• Input records:
(* Let $\rho_{AB}$ be positive semidefinite on $\mathcal{H}_A\otimes\mathcal{H}_B$ with $0<\operatorname{tr}\rho_{AB}\le1$, and let $\tau_B$ be positive semidefinite on $\mathcal{H}_B$ with $0<\operatorname{tr}\tau_B\le1$ and $\operatorname{supp}\tau_B\supseteq\operatorname{supp}\rho_B$. Then, with $d_A=\dim\mathcal{H}_A$, $$d_u(A|B)_\rho\le\frac12\sqrt{d_A\,\Gamma_C(\rho_{AB}|\tau_B)-\operatorname{tr}\big(\rho_B\tau_B^{-1/2}\rho_B\tau_B^{-1/2}\big)}.$$
   Context: Hilbert spaces are finite-dimensional; inverses are generalized inverses (on the support); $\rho_B=\operatorname{tr}_A\rho_{AB}$. $\Gamma_C(\rho_{AB}|\tau_B):=\operatorname{tr}\big((\rho_{AB}(\mathbb{1}_A\otimes\tau_B^{-1/2}))^2\big)$. Distance from uniform: $d_u(A|B)_\rho=\min_{\sigma_B}\frac12\|\rho_{AB}-\omega_A\otimes\sigma_B\|_1$ where $\omega_A=\mathbb{1}_A/d_A$ and the minimum is over positive semidefinite $\sigma_B$ with $\operatorname{tr}\sigma_B=\operatorname{tr}\rho_B$. *)

From HB Require Import structures.
From mathcomp Require Import all_boot all_order all_algebra.
From mathcomp Require Import complex mxtens.
From mathcomp Require Import boolp classical_sets reals.

Set Implicit Arguments.
Unset Strict Implicit.
Unset Printing Implicit Defensive.

Import Order.TTheory GRing.Theory Num.Theory.
Local Open Scope ring_scope.
Local Open Scope sesquilinear_scope.

Section QDefs.
Variable R : realType.
Local Notation C := (R[i]).

Definition psdmx n (A : 'M[C]_n) : Prop :=
  A \is hermsymmx /\ forall v : 'rV[C]_n, 0 <= (v *m A *m v ^t*) 0 0.

(* Functional calculus for Hermitian (normal) matrices via the spectral
   decomposition A = P^-1 diag(sp) P of mathcomp's spectral.v. *)
Definition mxfun n (f : C -> C) (A : 'M[C]_n) : 'M[C]_n :=
  invmx (spectralmx A) *m diag_mx (map_mx f (spectral_diag A)) *m spectralmx A.

Definition sqrtmx n (A : 'M[C]_n) : 'M[C]_n := mxfun sqrtC A.

(* Generalized inverse square root A^{-1/2} (inverse on the support). *)
Definition invsqrtmx n (A : 'M[C]_n) : 'M[C]_n :=
  mxfun (fun x => if x == 0 then 0 else (sqrtC x)^-1) A.

Definition trnorm n (X : 'M[C]_n) : C := \tr (sqrtmx (X ^t* *m X)).

(* Partial trace over A: rho_B = tr_A rho_AB, with H_A (x) H_B indexed by
   mxtens_index (a, b), matching the Kronecker product tensmx (A *t B). *)
Definition ptrA dA dB (rho : 'M[C]_(dA * dB)) : 'M[C]_dB :=
  \matrix_(b, b') \sum_(a < dA) rho (mxtens_index (a, b)) (mxtens_index (a, b')).

(* supp A = range (column space) of A; the rows of A^T span it. *)
Definition supp_sub n (A B : 'M[C]_n) : bool := (A^T <= B^T)%MS.

Definition GammaC dA dB (rho : 'M[C]_(dA * dB)) (tau : 'M[C]_dB) : C :=
  let X := rho *m (1%:M *t invsqrtmx tau) in \tr (X *m X).

Definition unif_tens dA dB (sigma : 'M[C]_dB) : 'M[C]_(dA * dB) :=
  (dA%:R)^-1 *: ((1%:M : 'M[C]_dA) *t sigma).

(* d_u(A|B)_rho = min over psd sigma_B with tr sigma_B = tr rho_B of
   1/2 ||rho_AB - omega_A (x) sigma_B||_1 (taken as an infimum over R;
   the trace norm is real, we take its real part). *)
Definition d_u dA dB (rho : 'M[C]_(dA * dB)) : R :=
  inf [set r : R | exists sigma : 'M[C]_dB,
         [/\ psdmx sigma, \tr sigma = \tr (ptrA rho) &
             r = @complex.Re R (trnorm (rho - unif_tens dA sigma)) / 2]].

End QDefs.

(* Take sigma_B = rho_B, so that d_u(A|B) <= ||Delta||_1 / 2 with
   Delta = rho_AB - omega_A (x) rho_B.  Write ||Delta||_1 = tr (Delta Q) for a
   partial isometry Q and pass to an eigenbasis of sigma = 1_A (x) tau_B, with
   eigenvalues s_j^2; by the support condition and positivity of rho_AB, the
   rows and columns of Delta vanish where s_j = 0.  Entrywise AM-GM with a free
   scale then gives the weighted Cauchy-Schwarz inequality
     ||Delta||_1^2 <= tr sigma * tr ((Delta sigma^-1/2)^2),
   where tr sigma <= d_A, and expanding the square through the partial trace
   gives d_A tr ((Delta sigma^-1/2)^2)
     = d_A Gamma_C - tr (rho_B tau^-1/2 rho_B tau^-1/2). *)

From HB Require Import structures.
From mathcomp Require Import all_boot all_order all_algebra.
From mathcomp Require Import complex mxtens.
From mathcomp Require Import reals.
From mathcomp Require Import ring lra.
Import Order.TTheory GRing.Theory Num.Theory.
Local Open Scope ring_scope.
Local Open Scope sesquilinear_scope.
Set Implicit Arguments.
Unset Strict Implicit.
Unset Printing Implicit Defensive.

Section Adjoint.
Variable C : numClosedFieldType.

Lemma trmxC_mul m n p (A : 'M[C]_(m, n)) (B : 'M[C]_(n, p)) :
  (A *m B)^t* = B^t* *m A^t*.
Proof. by rewrite trmx_mul map_mxM. Qed.

Lemma trmxCD m n (A B : 'M[C]_(m, n)) : (A + B)^t* = A^t* + B^t*.
Proof. by rewrite linearD /= map_mxD. Qed.

Lemma trmxCN m n (A : 'M[C]_(m, n)) : (- A)^t* = - A^t*.
Proof. by rewrite linearN /= map_mxN. Qed.

Lemma trmxC1 n : (1%:M : 'M[C]_n)^t* = 1%:M.
Proof. by rewrite trmx1 map_mx1. Qed.

Lemma hermitianmxCP n (A : 'M[C]_n) : reflect (A^t* = A) (A \is hermsymmx).
Proof.
apply: (iffP (is_hermitianmxP _ _ _)); rewrite expr0 scale1r; exact: esym.
Qed.

Lemma unitarymxKV n (U : 'M[C]_n) : U \is unitarymx -> U^t* *m U = 1%:M.
Proof. by move=> Uu; rewrite -[U^t*]mul1mx mulmxKtV. Qed.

• Problem description:
All that should be written out is the stretch of lines above between the one holding "Definition psdmx n" and the one holding "<= tr sigma", inclusive, exactly as given.

• Expected output:
Definition psdmx n (A : 'M[C]_n) : Prop :=
  A \is hermsymmx /\ forall v : 'rV[C]_n, 0 <= (v *m A *m v ^t*) 0 0.

(* Functional calculus for Hermitian (normal) matrices via the spectral
   decomposition A = P^-1 diag(sp) P of mathcomp's spectral.v. *)
Definition mxfun n (f : C -> C) (A : 'M[C]_n) : 'M[C]_n :=
  invmx (spectralmx A) *m diag_mx (map_mx f (spectral_diag A)) *m spectralmx A.

Definition sqrtmx n (A : 'M[C]_n) : 'M[C]_n := mxfun sqrtC A.

(* Generalized inverse square root A^{-1/2} (inverse on the support). *)
Definition invsqrtmx n (A : 'M[C]_n) : 'M[C]_n :=
  mxfun (fun x => if x == 0 then 0 else (sqrtC x)^-1) A.

Definition trnorm n (X : 'M[C]_n) : C := \tr (sqrtmx (X ^t* *m X)).

(* Partial trace over A: rho_B = tr_A rho_AB, with H_A (x) H_B indexed by
   mxtens_index (a, b), matching the Kronecker product tensmx (A *t B). *)
Definition ptrA dA dB (rho : 'M[C]_(dA * dB)) : 'M[C]_dB :=
  \matrix_(b, b') \sum_(a < dA) rho (mxtens_index (a, b)) (mxtens_index (a, b')).

(* supp A = range (column space) of A; the rows of A^T span it. *)
Definition supp_sub n (A B : 'M[C]_n) : bool := (A^T <= B^T)%MS.

Definition GammaC dA dB (rho : 'M[C]_(dA * dB)) (tau : 'M[C]_dB) : C :=
  let X := rho *m (1%:M *t invsqrtmx tau) in \tr (X *m X).

Definition unif_tens dA dB (sigma : 'M[C]_dB) : 'M[C]_(dA * dB) :=
  (dA%:R)^-1 *: ((1%:M : 'M[C]_dA) *t sigma).

(* d_u(A|B)_rho = min over psd sigma_B with tr sigma_B = tr rho_B of
   1/2 ||rho_AB - omega_A (x) sigma_B||_1 (taken as an infimum over R;
   the trace norm is real, we take its real part). *)
Definition d_u dA dB (rho : 'M[C]_(dA * dB)) : R :=
  inf [set r : R | exists sigma : 'M[C]_dB,
         [/\ psdmx sigma, \tr sigma = \tr (ptrA rho) &
             r = @complex.Re R (trnorm (rho - unif_tens dA sigma)) / 2]].

End QDefs.

(* Take sigma_B = rho_B, so that d_u(A|B) <= ||Delta||_1 / 2 with
   Delta = rho_AB - omega_A (x) rho_B.  Write ||Delta||_1 = tr (Delta Q) for a
   partial isometry Q and pass to an eigenbasis of sigma = 1_A (x) tau_B, with
   eigenvalues s_j^2; by the support condition and positivity of rho_AB, the
   rows and columns of Delta vanish where s_j = 0.  Entrywise AM-GM with a free
   scale then gives the weighted Cauchy-Schwarz inequality
     ||Delta||_1^2 <= tr sigma * tr ((Delta sigma^-1/2)^2),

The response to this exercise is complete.